There’s too much trash hereBy CATHERINE KIRK CKIRK@DDTONLINE.COM,
I love photography, especially when they are pictures taken by local photographers to show off our beautiful region. This week, local photographer John Keen shared pictures on Facebook he took Monday afternoon at the Greenville Cypress Preserve, but they were not what people expected to see. Instead of beautiful photographs of the plants and wildlife, he wound up taking several pictures of trash.
Still great pictures from a photography perspective, the images showed confetti scattering across the grounds and plants, the empty “confetti blaster” left on the ground, drink cans and cups floating in the water, and even a plastic bag with trash discarded directly in front of the entrance sign.
The cypress preserve is a place my family and I have greatly enjoyed over the years. It’s a beautiful place that’s not too far of a drive and makes you feel as though you’re not in the city.
To see an abundance of trash left so carelessly like this upsets me. I’m mad at the thoughtlessness of those who have left this trash and I’m sad for the people who have spent so much time to create this wonderful place for residents to enjoy.
Here is something beautiful and free to enjoy and every piece of trash left behind represents how little locals appreciate it.
Keen’s photographs reminded me of an article I wrote in 2016 when more than 60 spindles were kicked out of the Bob Gramling Observation Deck. After the Greenville Cypress Preserve Trust ensured repairs were made for the safety of visitors, it was less than two weeks when vandalism struck again and a large board and several more spindles on the deck were found broken.
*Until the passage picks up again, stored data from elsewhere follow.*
(* There exist subspaces $\mathcal C$ of a bipartite space $\mathcal H=\mathcal H_A\otimes\mathcal H_B$ for which $N_B(\mathcal C)\subsetneq ST_B(\mathcal C)$.
   Context: A mixed state $\rho'$ is ''in'' $\mathcal C$ if $\mathrm{Tr}(P_{\mathcal C}\rho')=1$, where $P_{\mathcal C}$ is the projector onto $\mathcal C$. $N_B(\mathcal C)=\{\rho:\exists\rho'\text{ in }\mathcal C,\ \exists\mathcal O\text{ a super-operator acting only on }\mathcal H_B,\ \rho=\mathcal O(\rho')\}$. $ST_B(\mathcal C)=\{\rho:\exists\rho'\text{ in }\mathcal C,\ \mathrm{Tr}_B(\rho)=\mathrm{Tr}_B(\rho')\}$. *)

From HB Require Import structures.
From mathcomp Require Import all_boot all_order all_algebra.
Set Implicit Arguments. Unset Strict Implicit. Unset Printing Implicit Defensive.
Import Order.TTheory GRing.Theory Num.Theory.
Local Open Scope ring_scope.

Section Quantum.
Variable C : numClosedFieldType.

Definition adjmx m n (A : 'M[C]_(m, n)) : 'M[C]_(n, m) := (map_mx Num.conj A)^T.

Definition psd n (A : 'M[C]_n) : Prop :=
  forall v : 'cV[C]_n, 0 <= (adjmx v *m A *m v) 0 0.

Definition density n (rho : 'M[C]_n) : Prop := psd rho /\ \tr rho = 1.

(* orthogonal projector (represents the subspace C = its range) *)
Definition orth_proj n (P : 'M[C]_n) : Prop := adjmx P = P /\ P *m P = P.

(* H = H_A (x) H_B, with basis index mxvec_index i j for |i>|j> *)
Definition pair_of_idx (dA dB : nat) (k : 'I_(dA * dB)) : 'I_dA * 'I_dB :=
  enum_val (cast_ord (esym (mxvec_cast dA dB)) k).

Definition kron dA dB (X : 'M[C]_dA) (Y : 'M[C]_dB) : 'M[C]_(dA * dB) :=
  \matrix_(k, l) (X (pair_of_idx k).1 (pair_of_idx l).1 *
                  Y (pair_of_idx k).2 (pair_of_idx l).2).

Definition ptraceB dA dB (rho : 'M[C]_(dA * dB)) : 'M[C]_dA :=
  \matrix_(i, i') \sum_(j < dB) rho (mxvec_index i j) (mxvec_index i' j).

Definition in_subspace n (P rho' : 'M[C]_n) : Prop :=
  density rho' /\ \tr (P *m rho') = 1.

(* super-operator (CPTP map) on H_B, given by Kraus operators K_0..K_{r-1},
   with sum_k K_k^dag K_k = 1; applied as id_A (x) O_B *)
Definition superop_B dA dB (r : nat) (K : 'I_r -> 'M[C]_dB)
    (rho : 'M[C]_(dA * dB)) : 'M[C]_(dA * dB) :=
  \sum_(k < r) (kron 1%:M (K k) *m rho *m adjmx (kron 1%:M (K k))).

Definition kraus_TP dB r (K : 'I_r -> 'M[C]_dB) : Prop :=
  \sum_(k < r) (adjmx (K k) *m K k) = 1%:M.

Definition N_B dA dB (P : 'M[C]_(dA * dB)) (rho : 'M[C]_(dA * dB)) : Prop :=
  density rho /\
  exists rho', in_subspace P rho' /\
  exists (r : nat) (K : 'I_r -> 'M[C]_dB), kraus_TP K /\ rho = superop_B K rho'.

Definition ST_B dA dB (P : 'M[C]_(dA * dB)) (rho : 'M[C]_(dA * dB)) : Prop :=
  density rho /\
  exists rho', in_subspace P rho' /\ ptraceB rho = ptraceB rho'.

End Quantum.

(* Take H_A = H_B = C^2 and the subspace H_A (x) |0>.  A state in it has the
   form R_A (x) |0><0|, so a channel acting on B turns it into R_A (x) sigma:
   the diagonal of every state of N_B is a product p(i,j) = a_i s_j, whence
   p(0,0) p(1,1) = p(0,1) p(1,0).  The correlated state
   (|00><00| + |11><11|) / 2 violates this identity, yet it has the same
   reduced state I/2 on A as (I/2) (x) |0><0|, which lies in the subspace.
   The inclusion of N_B in ST_B holds for every subspace, because a
   trace-preserving channel on B does not change the partial trace over B. *)

From mathcomp Require Import all_boot all_order all_algebra ring.
Set Implicit Arguments. Unset Strict Implicit. Unset Printing Implicit Defensive.
Import Order.TTheory GRing.Theory Num.Theory.
Local Open Scope ring_scope.

Section Bipartite.
Variable C : numClosedFieldType.

Lemma pair_of_idx_mxvec m n (i : 'I_m) (j : 'I_n) :
  pair_of_idx (mxvec_index i j) = (i, j).
Proof. by rewrite /pair_of_idx cast_ordK enum_rankK. Qed.

Lemma mxvec_index_eq m n (i i' : 'I_m) (j j' : 'I_n) :
  (mxvec_index i j == mxvec_index i' j') = (i == i') && (j == j').
Proof.
apply/eqP/andP => [eq_ij | [/eqP-> /eqP->]] //.
by have := congr1 (@pair_of_idx m n) eq_ij; rewrite !pair_of_idx_mxvec => -[-> ->].
Qed.

Lemma big_mxvec_index m n (F : 'I_(m * n) -> C) :
  \sum_k F k = \sum_i \sum_j F (mxvec_index i j).
Proof.
rewrite (reindex _ (curry_mxvec_bij _ _)) /= pair_bigA /=.
by apply: eq_bigr => -[i j].
Qed.

Lemma adjmxE m n (A : 'M[C]_(m, n)) i j : adjmx A i j = (A j i)^*.
Proof. by rewrite !mxE. Qed.

Lemma kron_mxvecE m n (X : 'M[C]_m) (Y : 'M[C]_n) i j i' j' :
  kron X Y (mxvec_index i j) (mxvec_index i' j') = X i i' * Y j j'.
Proof. by rewrite mxE !pair_of_idx_mxvec. Qed.

Lemma mul_kron1_mxE m n (Y : 'M[C]_n) (R : 'M[C]_(m * n)) i j l :
  (kron 1%:M Y *m R) (mxvec_index i j) l = \sum_b Y j b * R (mxvec_index i b) l.
Proof.
rewrite mxE big_mxvec_index (bigD1 i) //= [X in _ + X]big1 ?addr0 => [|a ne_ai].
  by apply: eq_bigr => b _; rewrite kron_mxvecE mxE eqxx mul1r.
by apply: big1 => b _; rewrite kron_mxvecE mxE eq_sym (negbTE ne_ai) !mul0r.
Qed.

Lemma mul_mx_adj_kron1E m n (Y : 'M[C]_n) (R : 'M[C]_(m * n)) k i j :
  (R *m adjmx (kron 1%:M Y)) k (mxvec_index i j) =
  \sum_b R k (mxvec_index i b) * (Y j b)^*.
Proof.
rewrite mxE big_mxvec_index (bigD1 i) //= [X in _ + X]big1 ?addr0 => [|a ne_ai].
  by apply: eq_bigr => b _; rewrite adjmxE kron_mxvecE mxE eqxx mul1r.
apply: big1 => b _.
by rewrite adjmxE kron_mxvecE mxE eq_sym (negbTE ne_ai) mul0r rmorph0 mulr0.
Qed.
I often hear people complain about there being “nothing to do” in Greenville, but when we have something to do like the cypress preserve, litter is left on its pathways and the boardwalks are vandalized.
Littering is nothing new, I have seen several people casually do it. One of my childhood friend’s mom said she didn’t want trash in her car and always told us to throw our wrappings out. Because she said so, and because I was a child, I didn’t think much of it.
I’ll never forget the time I decided to toss a piece of trash out the car window of my mother’s car. Absolutely livid, my mother turned that Honda Civic around, put it in park and made me get out to look for it. While I was looking, she also made me pick up any other trash left nearby on the ground as well. Even after I got back in the car, I heard what was sure to be a record-breaking length of a lecture on why littering was wrong.
If more parents were like my mother, this city would be a lot cleaner because I can say with confidence I have never littered again.
I am accustomed to seeing trash littered in Greenville, so much so that whenever we’re in a city that isn’t riddled with litter, my husband and I always find ourselves amazed and saying things like, “Wow, this city is so clean.”
Out of sheer curiosity, I decided to count all the trash I saw on my commute home from work Monday. I knew it was likely to be a lot, but I was not prepared for just how much.
After exiting the Delta Democrat-Times, I saw more than 550 pieces of trash by the time I turned off of Broadway Street. By the time I made it home, I had counted 1,848 pieces of trash. The saddest part is I know my number is lower than what was actually there. There were times it was simply overwhelming how much trash was on the edge of the street and in ditches.
We must do better than this.
Would you leave trash scattered about in your house? I would hope not.
Greenville is our home and we need to treat it with respect.
Our city would look so much better without all of this garbage lying around. It is simply unacceptable.
I know there are littering laws and fines set in place, but are any of them ever actually enforced? Unless you catch the act on camera and can prove without a doubt who it is, it’s almost impossible for law enforcement to do anything about littering.
It is on us, the residents who live here, to do our part to keep our home clean.
I want to be proud of my home and proudly show it off to those who come to visit.
We should want to do the same for the city.